● **Exercise aim**
Using the records that follow, copy every line containing the word "Prop".

..............................

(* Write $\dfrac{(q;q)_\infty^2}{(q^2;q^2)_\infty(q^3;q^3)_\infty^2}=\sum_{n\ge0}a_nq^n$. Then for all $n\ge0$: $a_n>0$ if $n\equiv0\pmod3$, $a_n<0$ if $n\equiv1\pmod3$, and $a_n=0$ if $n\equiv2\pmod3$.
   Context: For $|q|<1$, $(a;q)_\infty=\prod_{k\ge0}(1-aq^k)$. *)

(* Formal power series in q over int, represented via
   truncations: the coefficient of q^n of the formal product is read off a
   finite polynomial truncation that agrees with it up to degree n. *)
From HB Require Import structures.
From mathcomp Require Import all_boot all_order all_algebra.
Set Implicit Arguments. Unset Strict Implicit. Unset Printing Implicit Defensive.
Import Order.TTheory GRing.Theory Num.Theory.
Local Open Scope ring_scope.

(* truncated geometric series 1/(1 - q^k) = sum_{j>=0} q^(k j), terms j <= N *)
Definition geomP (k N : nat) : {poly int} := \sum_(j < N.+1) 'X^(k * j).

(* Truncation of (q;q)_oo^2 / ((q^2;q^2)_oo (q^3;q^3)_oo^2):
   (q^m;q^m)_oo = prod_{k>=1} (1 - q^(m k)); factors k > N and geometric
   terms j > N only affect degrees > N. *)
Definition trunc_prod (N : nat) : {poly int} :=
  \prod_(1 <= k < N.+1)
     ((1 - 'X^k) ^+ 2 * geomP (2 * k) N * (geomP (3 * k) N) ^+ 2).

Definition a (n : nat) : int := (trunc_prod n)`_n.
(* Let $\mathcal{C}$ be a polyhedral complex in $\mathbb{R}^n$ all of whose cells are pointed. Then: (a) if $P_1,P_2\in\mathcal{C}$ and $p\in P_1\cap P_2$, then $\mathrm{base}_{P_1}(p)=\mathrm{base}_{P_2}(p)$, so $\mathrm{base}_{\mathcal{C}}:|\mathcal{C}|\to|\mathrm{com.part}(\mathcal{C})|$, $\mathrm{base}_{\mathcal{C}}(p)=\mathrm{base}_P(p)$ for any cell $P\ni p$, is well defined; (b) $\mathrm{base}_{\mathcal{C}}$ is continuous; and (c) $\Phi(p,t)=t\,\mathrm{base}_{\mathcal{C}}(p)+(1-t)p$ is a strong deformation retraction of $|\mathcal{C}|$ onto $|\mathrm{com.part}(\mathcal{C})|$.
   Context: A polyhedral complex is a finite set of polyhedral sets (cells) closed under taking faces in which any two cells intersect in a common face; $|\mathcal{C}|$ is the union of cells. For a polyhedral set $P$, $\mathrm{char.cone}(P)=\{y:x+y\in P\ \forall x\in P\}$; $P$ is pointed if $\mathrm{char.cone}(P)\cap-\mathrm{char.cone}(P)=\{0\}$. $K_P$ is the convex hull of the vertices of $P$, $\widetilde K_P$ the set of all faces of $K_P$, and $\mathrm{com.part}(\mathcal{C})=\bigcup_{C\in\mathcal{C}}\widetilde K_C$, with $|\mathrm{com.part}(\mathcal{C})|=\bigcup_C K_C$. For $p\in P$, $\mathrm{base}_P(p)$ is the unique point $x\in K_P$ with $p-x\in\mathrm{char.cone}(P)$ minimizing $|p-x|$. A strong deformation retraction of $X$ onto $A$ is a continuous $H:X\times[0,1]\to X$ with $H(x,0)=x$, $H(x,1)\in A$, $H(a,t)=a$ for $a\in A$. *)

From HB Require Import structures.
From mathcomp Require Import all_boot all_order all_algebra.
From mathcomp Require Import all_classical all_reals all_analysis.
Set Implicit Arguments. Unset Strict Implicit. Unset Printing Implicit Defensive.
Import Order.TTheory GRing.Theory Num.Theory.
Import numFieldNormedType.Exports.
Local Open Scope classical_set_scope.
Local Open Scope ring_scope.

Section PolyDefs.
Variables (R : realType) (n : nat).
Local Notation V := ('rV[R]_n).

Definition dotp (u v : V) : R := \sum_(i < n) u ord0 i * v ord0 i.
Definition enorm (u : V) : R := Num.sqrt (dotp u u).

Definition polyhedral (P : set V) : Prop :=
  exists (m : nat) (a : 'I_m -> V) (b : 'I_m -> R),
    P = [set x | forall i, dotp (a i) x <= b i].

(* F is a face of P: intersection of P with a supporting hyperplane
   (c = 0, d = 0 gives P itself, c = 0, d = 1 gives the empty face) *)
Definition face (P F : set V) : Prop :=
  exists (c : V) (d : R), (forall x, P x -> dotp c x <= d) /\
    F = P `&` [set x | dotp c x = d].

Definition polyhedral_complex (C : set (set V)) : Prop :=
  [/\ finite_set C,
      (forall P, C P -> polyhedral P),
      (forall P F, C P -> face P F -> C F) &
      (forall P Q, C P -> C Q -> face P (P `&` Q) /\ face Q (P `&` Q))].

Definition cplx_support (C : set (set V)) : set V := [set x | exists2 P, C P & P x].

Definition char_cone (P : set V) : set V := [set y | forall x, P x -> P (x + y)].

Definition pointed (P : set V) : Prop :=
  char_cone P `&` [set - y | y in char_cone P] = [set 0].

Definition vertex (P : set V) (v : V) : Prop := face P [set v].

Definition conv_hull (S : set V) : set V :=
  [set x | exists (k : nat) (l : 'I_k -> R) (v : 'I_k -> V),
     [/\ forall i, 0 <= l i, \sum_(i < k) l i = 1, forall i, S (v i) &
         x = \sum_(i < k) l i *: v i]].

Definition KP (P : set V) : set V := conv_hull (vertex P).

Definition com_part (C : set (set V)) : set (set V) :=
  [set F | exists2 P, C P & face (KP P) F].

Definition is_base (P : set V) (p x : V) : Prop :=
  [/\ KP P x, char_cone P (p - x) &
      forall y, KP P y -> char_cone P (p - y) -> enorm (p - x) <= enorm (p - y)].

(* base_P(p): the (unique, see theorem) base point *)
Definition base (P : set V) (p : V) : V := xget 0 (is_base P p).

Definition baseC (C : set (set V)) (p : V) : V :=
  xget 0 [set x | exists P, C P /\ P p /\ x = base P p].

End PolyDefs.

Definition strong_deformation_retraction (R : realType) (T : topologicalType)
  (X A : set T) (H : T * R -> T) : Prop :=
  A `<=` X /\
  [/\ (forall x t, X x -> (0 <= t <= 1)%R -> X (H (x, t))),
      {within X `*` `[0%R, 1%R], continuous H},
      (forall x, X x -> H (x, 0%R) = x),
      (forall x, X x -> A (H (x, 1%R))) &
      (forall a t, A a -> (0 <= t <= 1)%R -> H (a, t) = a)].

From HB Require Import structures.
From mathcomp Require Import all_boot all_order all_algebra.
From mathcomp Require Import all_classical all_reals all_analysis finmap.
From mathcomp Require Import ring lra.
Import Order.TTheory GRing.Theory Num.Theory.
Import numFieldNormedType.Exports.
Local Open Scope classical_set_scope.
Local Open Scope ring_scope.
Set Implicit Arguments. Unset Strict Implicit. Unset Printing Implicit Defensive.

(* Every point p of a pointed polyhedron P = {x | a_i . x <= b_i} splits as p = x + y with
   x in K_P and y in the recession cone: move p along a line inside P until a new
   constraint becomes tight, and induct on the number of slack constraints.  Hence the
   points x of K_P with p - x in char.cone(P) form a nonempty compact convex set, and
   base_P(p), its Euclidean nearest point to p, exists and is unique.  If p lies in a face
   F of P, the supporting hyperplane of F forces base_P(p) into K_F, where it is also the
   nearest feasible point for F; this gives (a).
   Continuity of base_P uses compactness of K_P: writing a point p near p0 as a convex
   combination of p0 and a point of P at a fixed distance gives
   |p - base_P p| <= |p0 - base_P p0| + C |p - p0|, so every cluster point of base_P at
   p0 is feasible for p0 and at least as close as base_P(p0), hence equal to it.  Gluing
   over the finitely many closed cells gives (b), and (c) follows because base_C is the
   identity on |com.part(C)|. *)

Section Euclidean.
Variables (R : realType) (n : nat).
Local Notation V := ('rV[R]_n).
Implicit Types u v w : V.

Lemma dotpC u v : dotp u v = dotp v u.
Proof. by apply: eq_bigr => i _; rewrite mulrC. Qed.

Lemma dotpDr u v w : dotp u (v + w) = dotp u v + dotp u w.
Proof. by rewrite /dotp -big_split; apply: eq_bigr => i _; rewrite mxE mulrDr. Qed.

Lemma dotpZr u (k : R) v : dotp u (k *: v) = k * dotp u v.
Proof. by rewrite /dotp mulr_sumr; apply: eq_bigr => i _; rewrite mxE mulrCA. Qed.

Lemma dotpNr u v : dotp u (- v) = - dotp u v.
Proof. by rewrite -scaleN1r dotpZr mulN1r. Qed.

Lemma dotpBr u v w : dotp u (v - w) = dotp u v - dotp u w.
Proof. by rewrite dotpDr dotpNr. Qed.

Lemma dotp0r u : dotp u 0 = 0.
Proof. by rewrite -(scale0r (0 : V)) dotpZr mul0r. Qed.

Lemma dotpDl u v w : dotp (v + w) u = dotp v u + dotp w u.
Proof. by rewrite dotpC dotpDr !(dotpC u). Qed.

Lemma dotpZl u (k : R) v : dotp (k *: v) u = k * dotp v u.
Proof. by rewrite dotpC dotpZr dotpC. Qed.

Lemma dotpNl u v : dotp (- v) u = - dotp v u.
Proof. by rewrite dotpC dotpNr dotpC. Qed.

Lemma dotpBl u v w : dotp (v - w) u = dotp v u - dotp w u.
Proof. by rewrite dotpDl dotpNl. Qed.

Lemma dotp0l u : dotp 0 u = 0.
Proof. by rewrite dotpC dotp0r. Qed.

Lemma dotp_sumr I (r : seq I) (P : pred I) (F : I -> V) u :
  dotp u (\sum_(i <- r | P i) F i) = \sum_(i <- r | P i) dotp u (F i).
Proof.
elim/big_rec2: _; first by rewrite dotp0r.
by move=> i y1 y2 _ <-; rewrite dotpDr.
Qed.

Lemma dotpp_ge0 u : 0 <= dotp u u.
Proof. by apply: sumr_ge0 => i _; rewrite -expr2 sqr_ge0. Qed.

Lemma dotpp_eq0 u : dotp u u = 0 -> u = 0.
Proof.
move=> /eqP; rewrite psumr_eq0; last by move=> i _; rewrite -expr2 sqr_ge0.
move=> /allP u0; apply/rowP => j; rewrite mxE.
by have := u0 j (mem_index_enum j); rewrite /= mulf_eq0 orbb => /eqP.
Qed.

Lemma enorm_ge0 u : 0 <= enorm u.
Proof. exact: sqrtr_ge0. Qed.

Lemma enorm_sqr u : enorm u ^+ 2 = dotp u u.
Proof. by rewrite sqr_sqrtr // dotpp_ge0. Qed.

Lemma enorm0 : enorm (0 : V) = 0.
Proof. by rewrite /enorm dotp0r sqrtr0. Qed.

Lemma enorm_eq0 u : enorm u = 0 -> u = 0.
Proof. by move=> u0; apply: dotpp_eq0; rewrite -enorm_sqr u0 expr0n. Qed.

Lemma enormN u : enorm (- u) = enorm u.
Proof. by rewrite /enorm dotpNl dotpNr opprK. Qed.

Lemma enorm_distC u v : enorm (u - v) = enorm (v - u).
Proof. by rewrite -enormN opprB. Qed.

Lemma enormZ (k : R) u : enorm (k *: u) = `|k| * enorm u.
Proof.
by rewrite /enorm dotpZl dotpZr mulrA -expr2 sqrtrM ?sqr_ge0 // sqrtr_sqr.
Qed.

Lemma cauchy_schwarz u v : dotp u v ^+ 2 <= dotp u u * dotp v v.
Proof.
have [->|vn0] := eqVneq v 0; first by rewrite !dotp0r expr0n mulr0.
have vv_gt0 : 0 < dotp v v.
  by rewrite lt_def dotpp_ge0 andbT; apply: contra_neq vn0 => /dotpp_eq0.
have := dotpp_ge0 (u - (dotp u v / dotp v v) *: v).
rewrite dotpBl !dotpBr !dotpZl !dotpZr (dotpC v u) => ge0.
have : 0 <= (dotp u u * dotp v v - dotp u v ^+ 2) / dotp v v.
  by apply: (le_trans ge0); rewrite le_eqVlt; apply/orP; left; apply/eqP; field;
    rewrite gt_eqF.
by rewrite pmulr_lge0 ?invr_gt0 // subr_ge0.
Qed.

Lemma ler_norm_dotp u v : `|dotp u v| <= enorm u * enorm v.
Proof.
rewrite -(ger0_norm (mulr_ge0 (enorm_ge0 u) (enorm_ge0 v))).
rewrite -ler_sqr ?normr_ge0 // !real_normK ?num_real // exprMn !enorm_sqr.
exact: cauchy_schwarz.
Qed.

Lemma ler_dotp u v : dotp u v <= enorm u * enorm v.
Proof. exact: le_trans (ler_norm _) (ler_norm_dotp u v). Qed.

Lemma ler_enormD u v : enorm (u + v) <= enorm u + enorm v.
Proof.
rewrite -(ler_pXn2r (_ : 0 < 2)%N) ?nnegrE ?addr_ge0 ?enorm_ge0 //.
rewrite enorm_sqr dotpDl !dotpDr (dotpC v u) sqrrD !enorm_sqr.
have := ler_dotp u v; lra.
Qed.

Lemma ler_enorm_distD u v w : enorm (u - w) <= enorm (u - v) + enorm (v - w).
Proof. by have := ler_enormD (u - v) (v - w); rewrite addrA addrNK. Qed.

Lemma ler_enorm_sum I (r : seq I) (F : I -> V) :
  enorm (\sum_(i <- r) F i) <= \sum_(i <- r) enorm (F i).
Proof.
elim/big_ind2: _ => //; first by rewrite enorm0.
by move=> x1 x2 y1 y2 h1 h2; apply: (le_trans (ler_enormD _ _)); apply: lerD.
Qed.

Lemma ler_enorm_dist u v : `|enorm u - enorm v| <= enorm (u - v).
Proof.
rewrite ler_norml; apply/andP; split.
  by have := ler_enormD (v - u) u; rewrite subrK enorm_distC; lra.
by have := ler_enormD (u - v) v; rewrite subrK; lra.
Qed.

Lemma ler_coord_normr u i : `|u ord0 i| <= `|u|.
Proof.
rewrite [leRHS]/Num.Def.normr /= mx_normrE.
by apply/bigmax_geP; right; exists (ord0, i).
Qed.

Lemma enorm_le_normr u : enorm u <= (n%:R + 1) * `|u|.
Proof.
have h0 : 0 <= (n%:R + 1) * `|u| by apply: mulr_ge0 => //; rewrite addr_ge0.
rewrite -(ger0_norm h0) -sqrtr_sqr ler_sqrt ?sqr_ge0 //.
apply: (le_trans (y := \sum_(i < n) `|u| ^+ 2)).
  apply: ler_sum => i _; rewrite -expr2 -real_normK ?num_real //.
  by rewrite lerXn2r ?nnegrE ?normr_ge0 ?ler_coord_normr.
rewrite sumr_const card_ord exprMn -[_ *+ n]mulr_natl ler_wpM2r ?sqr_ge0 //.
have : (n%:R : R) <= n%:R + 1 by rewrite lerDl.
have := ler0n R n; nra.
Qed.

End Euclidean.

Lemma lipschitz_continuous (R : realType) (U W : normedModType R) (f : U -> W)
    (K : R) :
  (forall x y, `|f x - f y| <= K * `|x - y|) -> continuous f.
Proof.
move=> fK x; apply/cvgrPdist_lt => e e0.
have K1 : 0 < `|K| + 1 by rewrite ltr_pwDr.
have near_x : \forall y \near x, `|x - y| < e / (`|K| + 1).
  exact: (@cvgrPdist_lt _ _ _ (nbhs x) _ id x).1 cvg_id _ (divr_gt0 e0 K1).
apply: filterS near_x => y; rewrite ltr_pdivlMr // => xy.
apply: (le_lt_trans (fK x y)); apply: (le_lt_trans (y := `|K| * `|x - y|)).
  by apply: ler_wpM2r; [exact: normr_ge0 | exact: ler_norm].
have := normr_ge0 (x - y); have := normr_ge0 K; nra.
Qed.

..............................

● **Response for this exercise**
Definition polyhedral (P : set V) : Prop :=
Definition face (P F : set V) : Prop :=
Definition polyhedral_complex (C : set (set V)) : Prop :=
Definition pointed (P : set V) : Prop :=
Definition vertex (P : set V) (v : V) : Prop := face P [set v].
Definition is_base (P : set V) (p x : V) : Prop :=
  (X A : set T) (H : T * R -> T) : Prop :=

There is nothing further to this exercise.